O Brasil tem cerca de 5,6 milhões de pessoas atuando no trabalho doméstico remunerado, setor marcado por desafios como alta informalidade, desigualdade salarial e necessidade de ampliar a proteção social. Os dados fazem parte da Pesquisa Nacional por Amostra de Domicílios Contínua (PNAD Contínua), do Instituto Brasileiro de Geografia e Estatística (IBGE), referentes ao quarto trimestre de 2025, divulgados pela Agência Gov, via Ministério do Trabalho e Emprego (MTE).
Nesta quarta-feira (22), Dia Internacional do Trabalho Doméstico, o governo federal reforçou ações de conscientização sobre a importância da formalização dos vínculos empregatícios e da garantia de ambientes de trabalho seguros, saudáveis e livres de discriminação.
A campanha deste ano destaca o tema “Saúde e Segurança São Direitos Humanos”, chamando atenção para a prevenção de acidentes, doenças relacionadas ao trabalho, riscos psicossociais, violência e assédio no ambiente doméstico.
Perfil da categoria
Segundo os dados divulgados, 92% dos trabalhadores domésticos são mulheres, o equivalente a aproximadamente 5,1 milhões de pessoas. Entre elas, 68% são mulheres negras.
O rendimento médio mensal das trabalhadoras domésticas foi de R$ 1.335, valor 59% inferior à média das demais mulheres ocupadas. Entre mulheres negras, a média foi de R$ 1.274, enquanto entre as não negras chegou a R$ 1.463.

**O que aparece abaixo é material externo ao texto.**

End DeleteVertex.

Lemma exists_simple_cycle_false_or_lone col (S : {set V}) :
  S != set0 -> ~~ [exists v in S, misses_false_or_lone col S v] ->
  exists c, simple_cycle (false_or_lone col S) c.
Proof.
move=> S0 no_sink; apply: exists_simple_cycle S0 (false_or_lone_sub col S) _ => v vS.
have /exists_inPn/(_ v vS)/forall_inPn[w wF Evw] := no_sink.
by exists w; rewrite // -[E v w]negbK.
Qed.

Lemma good_cycle_shrink col (S : {set V}) (c : seq V) :
  (forall T : {set V}, #|T| < #|S| -> T != set0 -> has_in_nbrs T ->
     exists c', good_cycle col T c') ->
  simple_cycle (false_or_lone col S) c ->
  (exists c', good_cycle col S c') \/ S \subset false_or_lone col S.
Proof.
move=> IH c_simple; have FS := false_or_lone_sub col S.
have [c0 c_in] := simple_cycle_has_in_nbrs c_simple.
have cF : [set u in c] \subset false_or_lone col S.
  by case: c_simple => _ _ cF _; apply/subsetP => u; rewrite inE => /cF.
have [c_lt | c_ge] := ltnP #|[set u in c]| #|S|; last first.
  have /eqP c_S : [set u in c] == S by rewrite eqEcard c_ge (subset_trans cF).
  by right; rewrite -{1}c_S.
have [c' [c'_simple c'_chordfree _]] := IH _ c_lt c0 c_in.
left; exists c'; have c'_simple_F := simple_cycle_sub cF c'_simple.
split=> //; first exact: simple_cycle_sub FS c'_simple_F.
exact: uniform_entries_false_or_lone.
Qed.

Lemma exists_good_cycle col (S : {set V}) :
  S != set0 -> has_in_nbrs S -> exists c, good_cycle col S c.
Proof.
move: {2}#|S| (leqnn #|S|) => n; elim: n => [|n IH] in col S *.
  by rewrite leqn0 cards_eq0 => /eqP ->; rewrite eqxx.
move=> S_le S0 S_in.
(* Either some vertex of S can be deleted (its arcs into any later cycle hit
   only one colour), or S contains cycles through false_or_lone for both
   colourings; these are proper subsets of S unless all in-degrees are one. *)
have IHS col' (T : {set V}) : #|T| < #|S| -> T != set0 -> has_in_nbrs T ->
    exists c, good_cycle col' T c.
  by move=> T_lt; apply: IH; rewrite -ltnS (leq_trans T_lt).
have delete_case col' : [exists v in S, misses_false_or_lone col' S v] ->
    exists c, good_cycle col' S c.
  case/exists_inP => v vS v_out; have [Sv0 Sv_in] := has_in_nbrs_setD1 vS v_out S_in.
  have [c c_good] := IHS col' _ (proper_card (properD1 vS)) Sv0 Sv_in.
  by exists c; apply: good_cycle_setD1 c_good.
have [/delete_case //|no_sink_col] := boolP [exists v in S, misses_false_or_lone col S v].
have [/delete_case[c /good_cycle_negb]|no_sink_negb] :=
  boolP [exists v in S, misses_false_or_lone (negb \o col) S v]; first by exists c.
have [cA cA_simple] := exists_simple_cycle_false_or_lone S0 no_sink_col.
have [cO cO_simple] := exists_simple_cycle_false_or_lone S0 no_sink_negb.
case: (good_cycle_shrink (IHS col) cA_simple) => [// | /subsetP S_col].
case: (good_cycle_shrink (IHS _) cO_simple) => [[c /good_cycle_negb] | /subsetP S_negb].
  by exists c.
exists cA; apply: good_cycle_lone (simple_cycle_sub (false_or_lone_sub _ _) cA_simple).
move=> i iS; move: (S_col _ iS) (S_negb _ iS); rewrite !inE /= negbK.
by rewrite iS; case: (col i).
Qed.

A informalidade ainda é um dos principais desafios do setor. Cerca de 76% das trabalhadoras domésticas não tinham carteira assinada, e 65% não contribuíam para a Previdência Social, o que reduz o acesso a benefícios como aposentadoria, auxílio-doença e outros direitos previdenciários.
O levantamento também aponta que 25% da categoria estava em situação de pobreza, sendo 19% em condição de pobreza e 6% em extrema pobreza. Além disso, 58% das trabalhadoras eram responsáveis pelo sustento de suas famílias.

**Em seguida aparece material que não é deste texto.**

(* Let $\mathcal{JS}=(\mathcal F,\mathcal F_d,R,\mathcal B)$ be a justification system. For every locally complete graph-like (respectively tree-like) justification $J$ and every internal node $n$ of $J$ with label $x=\ell(n)\in\mathcal F_d$, there exists a connected, locally complete graph-like (respectively tree-like) justification $J'$ with a node $n'$ labelled $x$ from which every node of $J'$ is reachable (so $x$ is a root of $J'$), such that $\mathrm{val}(J,n,\mathcal I)\le_t \mathrm{val}(J',n',\mathcal I)$ for all interpretations $\mathcal I$.
   Context: Let $\mathcal F$ be a set (the fact space) containing $\mathcal L=\{\mathbf t,\mathbf f,\mathbf u\}$, equipped with an involution $\sim:\mathcal F\to\mathcal F$ with $\sim\mathbf t=\mathbf f$, $\sim\mathbf u=\mathbf u$ and $\sim x\neq x$ for all $x\neq\mathbf u$; for $A\subseteq\mathcal F$ put $\sim A=\{\sim a:a\in A\}$. On $\mathcal L$ the truth order is $\mathbf f<_t\mathbf u<_t\mathbf t$; $\bigwedge$ and $\bigvee$ denote greatest lower and least upper bounds in $(\mathcal L,\le_t)$ (so $\bigvee\emptyset=\mathbf f$, $\bigwedge\emptyset=\mathbf t$); $\sim$ reverses $\le_t$ on $\mathcal L$. A justification frame is $\mathcal{JF}=(\mathcal F,\mathcal F_d,R)$ where $\mathcal F_d\subseteq\mathcal F$ (defined facts) satisfies $\sim\mathcal F_d=\mathcal F_d$ and $\mathcal F_d\cap\mathcal L=\emptyset$, and $R\subseteq\mathcal F_d\times 2^{\mathcal F}$ is a set of rules, written $x\gets A$, such that no rule has empty body and every $x\in\mathcal F_d$ is the head of at least one rule. $\mathcal F_o=\mathcal F\setminus\mathcal F_d$ are the open facts. A justification in $\mathcal{JF}$ is a directed graph $(N,E)$ with a labelling $\ell:N\to\mathcal F$ such that every internal node $n$ (node with at least one outgoing edge) satisfies $\ell(n)\in\mathcal F_d$ and $\ell(n)\gets\{\ell(m):(n,m)\in E\}\in R$; nodes without outgoing edges are leaves. It is graph-like if $\ell$ is injective, and tree-like if its underlying undirected graph is acyclic. It is locally complete if no leaf is labelled by a defined fact, connected if its underlying undirected graph is connected, and $x$ is a root of it if some node $n$ with $\ell(n)=x$ reaches every node. A $\mathcal{JF}$-branch is either an infinite sequence $x_0\to x_1\to\cdots$ of defined facts or a finite sequence $x_0\to\cdots\to x_k$ ($k\ge1$) with $x_0,\dots,x_{k-1}\in\mathcal F_d$ and $x_k\in\mathcal F_o$. For a node $n$ of a locally complete justification $J$, $B_J(n)$ is the set of label sequences of maximal paths of $J$ starting at $n$ (infinite, or ending in a leaf). A branch evaluation $\mathcal B$ assigns to each $\mathcal{JF}$-branch an element of $\mathcal F$. A justification system is $\mathcal{JS}=(\mathcal F,\mathcal F_d,R,\mathcal B)$. An interpretation is a map $\mathcal I:\mathcal F\to\mathcal L$ with $\mathcal I(\sim x)=\sim\mathcal I(x)$ for all $x$ and $\mathcal I(l)=l$ for $l\in\mathcal L$. The value of a node $n$ of a locally complete justification $J$ is $\mathrm{val}(J,n,\mathcal I)=\bigwedge_{b\in B_J(n)}\mathcal I(\mathcal B(b))$. *)

From Stdlib Require Import List Relations Classical ClassicalEpsilon.
Import ListNotations.

Inductive tv : Type := tv_t | tv_f | tv_u.

Definition tv_rank (v : tv) : nat :=
  match v with tv_f => 0 | tv_u => 1 | tv_t => 2 end.

Definition tv_le (a b : tv) : Prop := tv_rank a <= tv_rank b.

Definition tv_neg (v : tv) : tv :=
  match v with tv_t => tv_f | tv_f => tv_t | tv_u => tv_u end.

(** greatest lower bound in (L, <=_t) of an arbitrary subset S of L
    (glb of the empty set is t). *)
Definition tv_glb (S : tv -> Prop) : tv :=
  if excluded_middle_informative (S tv_f) then tv_f
  else if excluded_middle_informative (S tv_u) then tv_u
  else tv_t.

(** Fact space: a type F containing L (via the injection [lit]) with an
    involution [neg] satisfying the stated properties. *)
Definition fact_space {F : Type} (neg : F -> F) (lit : tv -> F) : Prop :=
  (forall a b, lit a = lit b -> a = b) /\
  (forall x, neg (neg x) = x) /\
  neg (lit tv_t) = lit tv_f /\
  neg (lit tv_u) = lit tv_u /\
  (forall x, x <> lit tv_u -> neg x <> x).

(** Justification frame (F, Fd, R); a rule x <- A is [R x A], the body A
    being a subset of F (a predicate). *)
Definition justification_frame {F : Type} (neg : F -> F) (lit : tv -> F)
    (Fd : F -> Prop) (R : F -> (F -> Prop) -> Prop) : Prop :=
  fact_space neg lit /\
  (forall x, Fd x -> Fd (neg x)) /\
  (forall x, Fd (neg x) -> Fd x) /\
  (forall v, ~ Fd (lit v)) /\
  (forall x A, R x A -> Fd x) /\
  (forall x A, R x A -> exists y, A y) /\
  (forall x, Fd x -> exists A, R x A).

Inductive branch (F : Type) : Type :=
| branch_inf : (nat -> F) -> branch F
| branch_fin : list F -> branch F.
Arguments branch_inf {F} _.
Arguments branch_fin {F} _.

Record lgraph (F : Type) : Type := {
  jN : Type;
  jE : jN -> jN -> Prop;
  jl : jN -> F }.
Arguments jN {F} _.
Arguments jE {F} _ _ _.
Arguments jl {F} _ _.

Section Just.
Context {F : Type} (Fd : F -> Prop) (R : F -> (F -> Prop) -> Prop).

Definition internal (J : lgraph F) (n : jN J) : Prop := exists m, jE J n m.
Definition leaf (J : lgraph F) (n : jN J) : Prop := ~ internal J n.

Definition is_justification (J : lgraph F) : Prop :=
  forall n, internal J n ->
    Fd (jl J n) /\
    exists A, R (jl J n) A /\ (forall y, A y <-> exists m, jE J n m /\ jl J m = y).

Definition graph_like (J : lgraph F) : Prop :=
  forall n m, jl J n = jl J m -> n = m.

(** Underlying undirected multigraph (one undirected edge per directed
    edge) is acyclic: no self-loop, no pair of antiparallel edges, and no
    simple cycle of length >= 3. *)
Definition undir_adj (J : lgraph F) (n m : jN J) : Prop := jE J n m \/ jE J m n.

Definition tree_like (J : lgraph F) : Prop :=
  (forall n, ~ jE J n n) /\
  (forall n m, jE J n m -> ~ jE J m n) /\
  (forall (k : nat) (v : nat -> jN J),
      2 <= k ->
      (forall i j, i <= k -> j <= k -> v i = v j -> i = j) ->
      (forall i, i < k -> undir_adj J (v i) (v (S i))) ->
      ~ undir_adj J (v k) (v 0)).

Definition locally_complete (J : lgraph F) : Prop :=
  forall n, leaf J n -> ~ Fd (jl J n).

Definition connected (J : lgraph F) : Prop :=
  forall n m, clos_refl_sym_trans _ (jE J) n m.

Definition reaches_all (J : lgraph F) (n : jN J) : Prop :=
  forall m, clos_refl_trans _ (jE J) n m.

(** B_J(n): label sequences of maximal paths starting at n. *)
Definition in_BJ (J : lgraph F) (n : jN J) (b : branch F) : Prop :=
  (exists p : nat -> jN J,
      p 0 = n /\ (forall i, jE J (p i) (p (S i))) /\
      b = branch_inf (fun i => jl J (p i))) \/
  (exists (k : nat) (p : nat -> jN J),
      p 0 = n /\ (forall i, i < k -> jE J (p i) (p (S i))) /\ leaf J (p k) /\
      b = branch_fin (map (fun i => jl J (p i)) (seq 0 (S k)))).

Definition val (Bev : branch F -> F) (J : lgraph F) (n : jN J) (I : F -> tv) : tv :=
  tv_glb (fun v => exists b, in_BJ J n b /\ I (Bev b) = v).

End Just.

Definition interpretation {F : Type} (neg : F -> F) (lit : tv -> F) (I : F -> tv) : Prop :=
  (forall x, I (neg x) = tv_neg (I x)) /\ (forall v, I (lit v) = v).

From Stdlib Require Import List Relations ClassicalEpsilon ProofIrrelevance Lia FunctionalExtensionality.

(** The justification J' of the theorem is the part of J reachable from n.

    More generally, call a set P of nodes of J forward closed if every edge
    leaving P ends in P.  The restriction of J to such a P keeps exactly the
    outgoing edges of its nodes, so it is again a justification, locally
    complete, graph-like or tree-like whenever J is, and every maximal path
    of J starting in P stays in P.  Hence B_J(a) and therefore the value of
    a node a in P are the same in J and in the restriction.

    Taking for P the nodes reachable from n gives a forward closed set in
    which n reaches every node, so the restriction is connected with root
    n, and val(J, n, I) = val(J', n, I) for every interpretation I. *)

Lemma tv_glb_ext (S T : tv -> Prop) :
  (forall v, S v <-> T v) -> tv_glb S = tv_glb T.
Proof.
  intros HST. unfold tv_glb.
  destruct (excluded_middle_informative (S tv_f)),
           (excluded_middle_informative (T tv_f)); try firstorder.
  destruct (excluded_middle_informative (S tv_u)),
           (excluded_middle_informative (T tv_u)); firstorder.
Qed.

Lemma tv_le_refl (v : tv) : tv_le v v.
Proof. unfold tv_le; lia. Qed.

Section Restriction.
Context {F : Type} (J : lgraph F) (P : jN J -> Prop).
Hypothesis P_closed : forall a b, P a -> jE J a b -> P b.

Definition restrict : lgraph F :=
  {| jN := {m : jN J | P m};
     jE := fun a b => jE J (proj1_sig a) (proj1_sig b);
     jl := fun a => jl J (proj1_sig a) |}.

Lemma restrict_node_eq (a b : jN restrict) : proj1_sig a = proj1_sig b -> a = b.
Proof. destruct a, b; simpl; intros ->. f_equal. apply proof_irrelevance. Qed.

(** Since P is forward closed, a node keeps all its successors. *)
Lemma restrict_internal (a : jN restrict) :
  internal restrict a <-> internal J (proj1_sig a).
Proof.
  split; intros [m Hm].
  - exists (proj1_sig m). exact Hm.
  - exists (exist _ m (P_closed _ _ (proj2_sig a) Hm)). exact Hm.
Qed.

Lemma restrict_justification Fd R :
  is_justification Fd R J -> is_justification Fd R restrict.
Proof.
  intros HJ a Ha. apply restrict_internal in Ha.
  destruct (HJ _ Ha) as [HFd [A [HR Hbody]]].
  split; [exact HFd|]. exists A. split; [exact HR|].
  intros y. rewrite Hbody. split; intros [m [Hm Hl]].
  - exists (exist _ m (P_closed _ _ (proj2_sig a) Hm)). auto.
  - exists (proj1_sig m). auto.
Qed.

Lemma restrict_locally_complete Fd :
  locally_complete Fd J -> locally_complete Fd restrict.
Proof. intros HJ a Ha. apply HJ. intros Hi. apply Ha, restrict_internal, Hi. Qed.

Lemma restrict_graph_like : graph_like J -> graph_like restrict.
Proof. intros HJ a b Hl. apply restrict_node_eq, HJ, Hl. Qed.

(** A cycle in the restriction projects to a cycle in J. *)
Lemma restrict_tree_like : tree_like J -> tree_like restrict.
Proof.
  intros [Hloop [Hanti Hcycle]]. split; [|split].
  - intros a. apply Hloop.
  - intros a b. apply Hanti.
  - intros k v Hk Hinj Hadj. apply (Hcycle k (fun i => proj1_sig (v i)) Hk).
    + intros i j Hi Hj Heq. apply Hinj; auto. apply restrict_node_eq, Heq.
    + exact Hadj.
Qed.

Section Paths.
Variable a : jN restrict.

(** Pull a node of J back into the restriction (defaulting to a). *)
Definition pullback (m : jN J) : jN restrict :=
  match excluded_middle_informative (P m) with
  | left Hm => exist _ m Hm
  | right _ => a
  end.

Lemma pullback_val m : P m -> proj1_sig (pullback m) = m.
Proof. intros Hm. unfold pullback. destruct excluded_middle_informative; tauto. Qed.

Lemma path_in_P (p : nat -> jN J) (k : nat) :
  p 0 = proj1_sig a -> (forall i, i < k -> jE J (p i) (p (S i))) ->
  forall i, i <= k -> P (p i).
Proof.
  intros H0 Hpath. induction i as [|i IH]; intros Hi.
  - rewrite H0. exact (proj2_sig a).
  - apply (P_closed (p i)); [apply IH | apply Hpath]; lia.
Qed.

Lemma restrict_branches (b : branch F) :
  in_BJ J (proj1_sig a) b <-> in_BJ restrict a b.
Proof.
  split.
  - intros [[p [H0 [Hpath ->]]] | [k [p [H0 [Hpath [Hleaf ->]]]]]].
    + assert (HP : forall i, P (p i)).
      { intros i. apply (path_in_P p (S i) H0); [intros j _; apply Hpath | lia]. }
      left. exists (fun i => pullback (p i)). repeat split.
      * apply restrict_node_eq. rewrite pullback_val; auto.
      * intros i. simpl. rewrite !pullback_val; auto.
      * f_equal. apply functional_extensionality. intros i. simpl.
        rewrite pullback_val; auto.
    + pose proof (path_in_P p k H0 Hpath) as HP.
      right. exists k, (fun i => pullback (p i)). repeat split.
      * apply restrict_node_eq. rewrite pullback_val; auto. apply HP; lia.
      * intros i Hi. simpl. rewrite !pullback_val; try apply HP; auto; lia.
      * intros Hi. apply restrict_internal in Hi.
        rewrite pullback_val in Hi; auto.
      * f_equal. apply map_ext_in. intros i Hi. apply in_seq in Hi. simpl.
        rewrite pullback_val; auto. apply HP; lia.
  - intros [[p [H0 [Hpath ->]]] | [k [p [H0 [Hpath [Hleaf ->]]]]]].
    + left. exists (fun i => proj1_sig (p i)). rewrite H0. auto.
    + right. exists k, (fun i => proj1_sig (p i)). rewrite H0.
      repeat split; auto. intros Hi. apply Hleaf, restrict_internal, Hi.
Qed.

Lemma restrict_val (Bev : branch F -> F) (I : F -> tv) :
  val Bev J (proj1_sig a) I = val Bev restrict a I.
Proof.
  apply tv_glb_ext. intros v.
  split; intros [b [Hb Hv]]; exists b; split; auto; apply restrict_branches; auto.
Qed.

End Paths.
End Restriction.

Section Reachable.
Context {F : Type} (J : lgraph F) (n : jN J).

Definition reachable (m : jN J) : Prop := clos_refl_trans _ (jE J) n m.

Lemma reachable_closed a b : reachable a -> jE J a b -> reachable b.
Proof. intros Ha Hab. eapply rt_trans; [exact Ha | apply rt_step, Hab]. Qed.

Definition generated : lgraph F := restrict J reachable.

Definition gen_root : jN generated := exist _ n (rt_refl _ _ n).

(** Paths from n in J lift to paths from the root in the generated part. *)
Lemma generated_reaches_all : reaches_all generated gen_root.
Proof.
  intros [m Hm]. pose proof Hm as Hpath. apply clos_rt_rtn1 in Hpath. revert Hm.
  induction Hpath as [|y z Hyz Hny IH]; intros Hm.
  - rewrite (proof_irrelevance _ Hm (rt_refl _ _ n)). apply rt_refl.
  - eapply rt_trans; [apply (IH (clos_rtn1_rt _ _ _ _ Hny)) | apply rt_step].
    exact Hyz.
Qed.

Lemma generated_connected : connected generated.
Proof.
  intros a b. apply rst_trans with gen_root.
  - apply rst_sym, clos_rt_clos_rst, generated_reaches_all.
  - apply clos_rt_clos_rst, generated_reaches_all.
Qed.

End Reachable.

Theorem mainTheorem1 (F : Type) (neg : F -> F) (lit : tv -> F)
    (Fd : F -> Prop) (R : F -> (F -> Prop) -> Prop) (Bev : branch F -> F)
    (HJF : justification_frame neg lit Fd R) :
  (forall (J : lgraph F) (n : jN J),
      is_justification Fd R J -> locally_complete Fd J -> graph_like J ->
      internal J n ->
      exists (J' : lgraph F) (n' : jN J'),
        is_justification Fd R J' /\ connected J' /\ locally_complete Fd J' /\
        graph_like J' /\ jl J' n' = jl J n /\ reaches_all J' n' /\
        (forall I, interpretation neg lit I ->
           tv_le (val Bev J n I) (val Bev J' n' I)))
  /\
  (forall (J : lgraph F) (n : jN J),
      is_justification Fd R J -> locally_complete Fd J -> tree_like J ->
      internal J n ->
      exists (J' : lgraph F) (n' : jN J'),
        is_justification Fd R J' /\ connected J' /\ locally_complete Fd J' /\
        tree_like J' /\ jl J' n' = jl J n /\ reaches_all J' n' /\
        (forall I, interpretation neg lit I ->
           tv_le (val Bev J n I) (val Bev J' n' I))).
Proof.
  (* In both cases J' is the part of J generated by n, with root n. *)
  split; intros J n Hjust Hlc Hshape _;
    exists (generated J n), (gen_root J n);
    pose proof (reachable_closed J n) as Hclosed;
    (split; [exact (restrict_justification J _ Hclosed Fd R Hjust) |]);
    (split; [apply generated_connected |]);
    (split; [exact (restrict_locally_complete J _ Hclosed Fd Hlc) |]);
    (split; [first [exact (restrict_graph_like J _ Hshape)
                  | exact (restrict_tree_like J _ Hshape)] |]);
    (split; [reflexivity |]);
    (split; [apply generated_reaches_all |]);
    intros I _; change n with (proj1_sig (gen_root J n)) at 1;
    rewrite (restrict_val J _ Hclosed (gen_root J n) Bev I); apply tv_le_refl.
Qed.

Combate ao trabalho escravo doméstico
O Ministério do Trabalho e Emprego também destaca a atuação no combate ao trabalho doméstico em condições análogas à escravidão. A caracterização desse tipo de violação não depende apenas da restrição de liberdade, mas pode envolver jornadas exaustivas, condições degradantes, falta de pagamento, isolamento social, retenção de documentos ou exploração por dívidas.
Formalização garante direitos
O governo reforça que o registro do vínculo empregatício no eSocial e na Carteira de Trabalho e Previdência Social (CTPS) é fundamental para garantir direitos trabalhistas, proteção social e melhores condições nas relações entre empregadores e trabalhadores domésticos.
*Nota de transparência: Esta reportagem foi produzida com o auxílio de inteligência artificial para organização e aprimoramento do texto, passando por revisão, checagem e edição humana antes de sua publicação.